Мир померк. Я не помню, как упала, но вдруг оказалось, что я смотрю в небо, впиваясь ногтями Райну в руку, а второй рукой в отчаянии прижимаю безвольное тело ребенка к груди. Нас обступили ночерожденные солдаты.
– Не отдавай им ее! – еще раз в отчаянии попросила я.
В глазах потемнело.
Райн наклонился ко мне – ближе, чем я кому-либо когда-нибудь позволяла, – и тихо произнес, торжественно, как клятву:
– Не отдам.
Глава двадцатая
Когда я пришла в себя, в руках было пусто.
Я несколько долгих мгновений смотрела в потолок. Живот крутило. Картина на потолке – ночное небо – двигалась, потому что вращался весь мир. Я подняла руку к груди и почувствовала только собственные медленные вдохи и выдохи.
Ребенка не было.
Воспоминания об испытании возвращались ко мне фрагментарно, укладываясь в разрозненную мозаику. Конец его представлял собой лишь размытый, плохо прорисованный намек на картинку.
Девочка. Я помнила, какой она была вялой. Как сильно мы вдвоем ударились об пол. Помнила, как меня – и ее – обступили охранники. Она была всего лишь маленьким, беспомощным человеческим существом.
Моя рука скользнула вниз по телу. Да, какие-то рубцы и порезы остались, но самые тяжелые раны зажили. Я выжила во втором испытании.
Но я ничего не чувствовала.
Когда я очнулась, Райна рядом не было, но Мише была очень рада видеть меня в сознании. Даже, можно сказать, преувеличенно рада. К ее широкой улыбке прибавлялась толика лихорадочной тревоги. Меня принесли в тяжелом состоянии, и я пролежала без сознания несколько дней.

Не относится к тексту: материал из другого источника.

(* Let $\varphi$ be an individually rational rule. Then $\varphi$ is pick-an-object implementable in perfect ex-post equilibrium if and only if $\varphi$ is strategy-proof and satisfies monotonic discoverability. Moreover, for every rule that is pick-an-object implementable in perfect ex-post equilibrium, straightforward strategies constitute a perfect ex-post equilibrium profile of every pick-an-object mechanism that sequentializes that rule.
   Context: Let $A=\{a_1,\dots,a_n\}$ be a finite set of agents and $O=\{o_1,\dots,o_m\}\cup\{\emptyset\}$ a finite set of object types ($\emptyset$ the null object). Each agent $a$ has a strict preference $P_a$ over $O$ with weak version $R_a$. $\mathbb{P}$ is the set of strict preferences over $O$, $\mathcal{P}=\mathbb{P}^n$ the set of profiles; $P_{-a}$ denotes the preferences of agents other than $a$. An allocation is a function $\mu:A\to O$. A rule is $\varphi:\mathcal{P}\to\{\text{allocations}\}$, $\varphi_a(P)=\varphi(P)(a)$. $\varphi$ is individually rational if $\varphi_a(P)R_a\emptyset$ always; strategy-proof if $\varphi_a(P_a,P_{-a})\,R_a\,\varphi_a(P'_a,P_{-a})$ for all $a$, $P$, $P'_a\in\mathbb{P}$. Monotonic discoverability: for $P\in\mathcal{P}$ and allocation $\mu$, $\mathcal{L}(P,\mu)$ is the set of profiles $P'$ such that for every agent $a$, $P'_a$ agrees with $P_a$ on $\mu(a)$ and on all objects $P_a$ ranks above $\mu(a)$ (same set above $\mu(a)$, same order), possibly differing below. $\varphi$ satisfies monotonic discoverability if for every $\mu$ and $P$, either $\varphi(P)=\mu$ or some agent $a^*$ has $\varphi_{a^*}(P')\neq\mu(a^* )$ for all $P'\in\mathcal{L}(P,\mu)$. Pick-an-object (PAO) mechanisms: a choice history is a finite (possibly empty) sequence $((\Omega_1,\omega_1),\dots,(\Omega_k,\omega_k))$ with $\Omega_j\subseteq O$, $\omega_j\in\Omega_j$; $\omega_k$ is its last choice. A collective history is an $n$-tuple of choice histories; $h^{A-\emptyset}$ is the tuple of empty ones. A menu function $\mathbb{S}$ maps collective histories to $n$-tuples of subsets of $O$ such that the menus in $\mathbb{S}(h^{A-\emptyset})$ are non-empty and, for other collective histories, agent $i$'s menu is a subset of $\Omega_k\setminus\{\omega_k\}$, where $(\Omega_k,\omega_k)$ is the last entry of $i$'s history. The PAO mechanism $\mathbb{S}$: in period 1 every agent chooses from her initial menu; in each later period, given the current collective history $h^A$, if all menus in $\mathbb{S}(h^A)$ are empty the procedure stops and each agent receives her last chosen object, otherwise each agent with a non-empty menu chooses an element of it; each (menu, choice) is appended to the chooser's history. $H^A_{\mathbb{S}}$ is the set of collective histories that can arise; $H^A_{\mathbb{S}}(a)$ the set of agent $a$'s individual histories within them. The straightforward strategy w.r.t. $P_a$ chooses the $P_a$-best element of every menu. $\mathbb{S}$ sequentializes $\varphi$ if, for every $P$, when all agents play straightforward strategies w.r.t. $P$ the outcome is $\varphi(P)$. Strategies and equilibrium: a strategy for agent $a$ maps each pair $(h,\Omega)$ of an own history $h\in H^A_{\mathbb{S}}(a)\cup\{\emptyset\}$ and a menu $\Omega$ to an element of $\Omega$ (so that the extended history is in $H^A_{\mathbb{S}}(a)$). A type-strategy $\Sigma_a$ maps each preference to a strategy. For $h^A\in H^A_{\mathbb{S}}\cup\{h^{A-\emptyset}\}$ and strategy profile $\sigma$, $\mathcal{O}|_{h^A}(\sigma)$ is the allocation produced by running $\mathbb{S}$ from $h^A$ with agents following $\sigma$, and $\mathcal{O}_a|_{h^A}(\sigma)$ is agent $a$'s assignment. A type-strategy profile $(\Sigma_a)_{a\in A}$ is a perfect ex-post equilibrium if for every $a\in A$, $h^A\in H^A_{\mathbb{S}}\cup\{h^{A-\emptyset}\}$, strategy $\sigma'_a$, and $P\in\mathcal{P}$: $\mathcal{O}_a|_{h^A}(\Sigma_a(P_a),(\Sigma_{a'}(P_{a'}))_{a'\neq a})\ R_a\ \mathcal{O}_a|_{h^A}(\sigma'_a,(\Sigma_{a'}(P_{a'}))_{a'\neq a})$. A rule $\varphi$ is pick-an-object implementable in perfect ex-post equilibrium if some PAO mechanism sequentializes $\varphi$ and, in it, the profile in which each agent of type $P_a$ plays the straightforward strategy w.r.t. $P_a$ is a perfect ex-post equilibrium. *)

From mathcomp Require Import all_boot.
Set Implicit Arguments. Unset Strict Implicit. Unset Printing Implicit Defensive.

Section Model.
Variables (Agent Obj : finType).

(* Object types: the real objects [Some o] plus the null object [None]. *)
Local Notation O := (option Obj).
Definition null : O := None.

(* A strict preference: [prel p x y] means "x is strictly preferred to y". *)
Definition strict_pref (P : rel O) : Prop :=
  irreflexive P /\ transitive P /\ (forall x y, x != y -> P x y || P y x).
Definition pref := {P : rel O | strict_pref P}.
Definition prel (p : pref) : rel O := proj1_sig p.
Definition weak (p : pref) (x y : O) : bool := (x == y) || prel p x y.

Definition profile := Agent -> pref.
Definition allocation := Agent -> O.
Definition rule := profile -> allocation.

Definition upd (P : profile) (a : Agent) (pa : pref) : profile :=
  fun b => if b == a then pa else P b.

Definition individually_rational (phi : rule) : Prop :=
  forall (P : profile) (a : Agent), weak (P a) (phi P a) null.

Definition strategy_proof (phi : rule) : Prop :=
  forall (P : profile) (a : Agent) (pa' : pref),
    weak (P a) (phi P a) (phi (upd P a pa') a).

Definition agrees_above (p p' : pref) (o : O) : Prop :=
  (forall x, prel p' x o = prel p x o) /\
  (forall x y, prel p x o -> prel p y o -> prel p' x y = prel p x y).

Definition Lset (P : profile) (mu : allocation) (P' : profile) : Prop :=
  forall a, agrees_above (P a) (P' a) (mu a).

Definition monotonic_discoverability (phi : rule) : Prop :=
  forall (mu : allocation) (P : profile),
    (forall a, phi P a = mu a) \/
    exists a0 : Agent, forall P' : profile, Lset P mu P' -> phi P' a0 <> mu a0.

Definition entry := ({set O} * O)%type.            (* (menu, choice) *)
Definition chist := seq entry.
Definition chist_valid (h : chist) : bool := all (fun e : entry => e.2 \in e.1) h.
Definition coll := {ffun Agent -> chist}.
Definition coll_empty : coll := [ffun => [::]].
Definition menufun := coll -> Agent -> {set O}.
Definition last_entry (h : chist) : entry := last (set0, null) h.

Definition is_PAO (S : menufun) : Prop :=
  (forall i, S coll_empty i != set0) /\
  (forall h : coll, (forall i, chist_valid (h i)) -> h != coll_empty ->
     forall i, h i != [::] ->
       S h i \subset (last_entry (h i)).1 :\ (last_entry (h i)).2).

Definition strategy := chist -> {set O} -> O.
Definition is_strategy (s : strategy) : Prop :=
  forall h W, W != set0 -> s h W \in W.

Definition all_empty (S : menufun) (h : coll) : bool := [forall i, S h i == set0].

Definition step (S : menufun) (sig : Agent -> strategy) (h : coll) : coll :=
  [ffun i => if S h i == set0 then h i
             else rcons (h i) (S h i, sig i (h i) (S h i))].

Fixpoint run (S : menufun) (sig : Agent -> strategy) (n : nat) (h : coll) : coll :=
  match n with
  | 0 => h
  | n'.+1 => if all_empty S h then h else run S sig n' (step S sig h)
  end.

(* Enough periods: every agent chooses at most #|O| times (menus strictly shrink). *)
Definition fuel : nat := (#|Agent| * #|{: option Obj}|).+1.

Definition outcome (S : menufun) (sig : Agent -> strategy) (h : coll) : allocation :=
  fun i => (last_entry (run S sig fuel h i)).2.

Inductive reachable (S : menufun) : coll -> Prop :=
| reach0 : reachable S coll_empty
| reachS (h : coll) (c : Agent -> O) :
    reachable S h -> ~~ all_empty S h ->
    (forall i, S h i != set0 -> c i \in S h i) ->
    reachable S [ffun i => if S h i == set0 then h i else rcons (h i) (S h i, c i)].

(* P-best element of a menu (null if the menu is empty, irrelevant). *)
Definition best (p : pref) (W : {set O}) : O :=
  odflt null [pick x in W | [forall y in W, (y == x) || prel p x y]].
Definition straightforward (p : pref) : strategy := fun _ W => best p W.

Definition sequentializes (S : menufun) (phi : rule) : Prop :=
  forall (P : profile) (i : Agent),
    outcome S (fun a => straightforward (P a)) coll_empty i = phi P i.

Definition typestrat := Agent -> pref -> strategy.

Definition perfect_ex_post (S : menufun) (Sig : typestrat) : Prop :=
  forall (a : Agent) (h : coll), reachable S h ->
  forall s' : strategy, is_strategy s' ->
  forall P : profile,
    weak (P a) (outcome S (fun b => Sig b (P b)) h a)
               (outcome S (fun b => if b == a then s' else Sig b (P b)) h a).

Definition pao_implementable (phi : rule) : Prop :=
  exists S : menufun, is_PAO S /\ sequentializes S phi /\
    perfect_ex_post S (fun _ => straightforward).

End Model.

From mathcomp Require Import all_boot.
From Stdlib Require Import Classical ClassicalDescription.

Set Implicit Arguments. Unset Strict Implicit. Unset Printing Implicit Defensive.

– Это тебя по большей части магия крови доконала, – сообщила мне Мише.
Как человек, я была к этой магии особенно восприимчива. Моя кровь была слабой, ею легко было управлять, легко обернуть против моей смертной плоти. Если тело выдерживало ее, выздоровление могло пройти быстро, но линия между выживанием и смертью, особенно для человека, была очень тонкой.
Я подумала о девочке. Какая она была крохотная, когда устроилась у меня на груди. Наверняка слишком крохотная, чтобы выдержать то, что едва выдержала я.
В оцепенении я слушала, как Мише рассказывает об окончании испытания – одиннадцать участников погибли, а значит, нас осталось двадцать девять. Даже Ибрихим непостижимым образом смог выползти в последний момент.
Мелкими глотками я пила воду, которую принесла Мише, но во рту еще было слишком сухо, чтобы заставить себя задать единственный вопрос, который меня волновал.
Я дала ей проболтать добрых полчаса, прежде чем собрала всю смелость и выдала:
– А девочка?
– Ты о чем? – не поняла Мише.
– Там была маленькая девочка.
Она криво улыбнулась и сокрушенно покачала головой:
– Я не знаю.
Мне хотелось настаивать, требовать, чтобы мы все выяснили, но слова застревали в горле.